More Computer Woes at FBI, New System Late Over Budget

ABC’s Jack Cloherty and Jason Ryan report:

You think you have computer problems? A new system being installed at the FBI is two years behind schedule, $100 million over budget, and still doesn’t have spell check.

The revelation is the latest fiasco in the FBI’s nearly decade-long effort to install a computer system that would help agents track cases and manage evidence. The Department of Justice Inspector General today released a report that found that after spending about $405 million of the $452 million budgeted for the “Sentinel” system, only about half the system is completed. That means that FBI agents, already busy trying to prevent domestic terror, will still have to take time to process 18 case-related forms by hand, print the forms to obtain approval signatures, and maintain hard copy files.

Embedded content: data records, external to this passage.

Lemma ln_127_gt : 0.234 < ln 1.27.
Proof.
  rewrite <- (ln_exp 0.234). apply ln_increasing; [apply exp_pos |].
  set (y := 0.234 / 8).
  assert (Hpow : exp 0.234 = exp y ^ 8).
  { replace 0.234 with (y + y + y + y + y + y + y + y) by (unfold y; lra).
    rewrite !exp_plus. ring. }
  assert (Hy : exp y <= 1.030132).
  { eapply Rle_trans; [apply exp_le_inv_1_minus; unfold y; lra |].
    unfold y. apply Rmult_le_reg_r with (1 - 0.234 / 8); [lra |].
    unfold Rdiv; rewrite Rmult_assoc, Rinv_l, Rmult_1_r by lra. lra. }
  rewrite Hpow.
  apply Rle_lt_trans with (1.030132 ^ 8); [apply pow_incr; pose proof (exp_pos y); lra |].
  simpl. lra.
Qed.

(** * The ratio sin (n t) / sin t *)

Lemma nat_ind2 (P : nat -> Prop) :
  P O -> P 1%nat -> (forall n, P n -> P (S (S n))) -> forall n, P n.
Proof.
  intros H0 H1 HS n. enough (P n /\ P (S n)) by tauto.
  induction n as [| n [IH IHS]]; split; auto.
Qed.

(* [sin (n t) / sin t] as a sum of cosines (the Chebyshev polynomial
   [U_(n-1)] at [cos t]), hence defined and equal to [n] at [t = 0]. *)
Fixpoint sin_ratio (n : nat) (t : R) : R :=
  match n with
  | O => 0
  | S O => 1
  | S (S m as k) => sin_ratio m t + 2 * cos (INR k * t)
  end.

Lemma sin_ratio_SS n t : sin_ratio (S (S n)) t = sin_ratio n t + 2 * cos (INR (S n) * t).
Proof. destruct n; reflexivity. Qed.

Lemma sin_ratio_spec n t : sin t * sin_ratio n t = sin (INR n * t).
Proof.
  induction n as [| | n IH] using nat_ind2.
  - simpl. rewrite Rmult_0_l, sin_0. ring.
  - simpl. rewrite Rmult_1_l. ring.
  - rewrite sin_ratio_SS, Rmult_plus_distr_l, IH.
    replace (INR (S (S n)) * t) with (INR (S n) * t + t) by (rewrite !S_INR; ring).
    replace (INR n * t) with (INR (S n) * t - t) by (rewrite S_INR; ring).
    rewrite sin_plus, sin_minus. ring.
Qed.

Lemma sin_ratio_0 n : sin_ratio n 0 = INR n.
Proof.
  induction n as [| | n IH] using nat_ind2; try reflexivity.
  rewrite sin_ratio_SS, IH, Rmult_0_r, cos_0, !S_INR. ring.
Qed.

Lemma sin_ratio_opp n t : sin_ratio n (- t) = sin_ratio n t.
Proof.
  induction n as [| | n IH] using nat_ind2; try reflexivity.
  rewrite !sin_ratio_SS, IH, Ropp_mult_distr_r_reverse, cos_neg. reflexivity.
Qed.

Lemma sin_ratio_antitone n t1 t2 :
  0 <= t1 -> t1 <= t2 -> INR n * t2 <= PI -> sin_ratio n t2 <= sin_ratio n t1.
Proof.
  intros H1 H12. induction n as [| | n IH] using nat_ind2; intros Hn; try (simpl; lra).
  rewrite !sin_ratio_SS.
  pose proof (pos_INR n).
  rewrite !S_INR in *.
  assert (cos ((INR n + 1) * t2) <= cos ((INR n + 1) * t1)) by (apply cos_decr_1; nra).
  assert (sin_ratio n t2 <= sin_ratio n t1) by (apply IH; nra).
  lra.
Qed.

Lemma sin_ratio_pos n t : (1 <= n)%nat -> 0 <= t -> INR n * t < PI -> 0 < sin_ratio n t.
Proof.
  intros Hn Ht HPI.
  assert (Hn' : 1 <= INR n) by (apply (le_INR 1); lia).
  destruct (Req_dec t 0) as [-> | Ht0]; [rewrite sin_ratio_0; lra |].
  assert (0 < sin t) by (apply sin_gt_0; nra).
  assert (0 < sin (INR n * t)) by (apply sin_gt_0; nra).
  pose proof (sin_ratio_spec n t). nra.
Qed.

Lemma sin_ratio_sub_le n A B : 0 <= A -> A <= B ->
  sin_ratio n A - sin_ratio n B <= INR n * (INR n * INR n - 1) / 6 * (B * B - A * A).
Proof.
  intros HA HAB. induction n as [| | n IH] using nat_ind2; try (simpl; nra).
  rewrite !sin_ratio_SS.
  pose proof (pos_INR n).
  pose proof (cos_sub_le (INR (S n) * A) (INR (S n) * B)) as Hcos.
  rewrite !S_INR in *.
  assert (cos ((INR n + 1) * A) - cos ((INR n + 1) * B)
          <= ((INR n + 1) * B * ((INR n + 1) * B) - (INR n + 1) * A * ((INR n + 1) * A)) / 2)
    by (apply Hcos; nra).
  nra.
Qed.

Definition profile (q : nat) (t : R) : R := ln (sin_ratio q (PI * t)).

The Sentinel project follows a bungled, three- year, $170 million effort to develop an electronic case management system called the Virtual Case File. The FBI pulled the plug on that effort in 2005, and instead moved ahead with the Sentinel project. But things have been going so badly with Sentinel that last month the FBI decided to take over the project itself, limit the contractor’s role in the system, and finish the project itself in one year.

But the Inspector General is not so sure that’s the answer, either. The IG report points out that the FBI plan is “still evolving, not officially approved, and is undocumented.” And in a master stroke of understatement, the report says, “the undocumented 1-year estimate for system completion appears optimistic based on the FBI’s past history with information technology projects.”

It looks like FBI agents could be filing those paper case reports by hand for quite some time.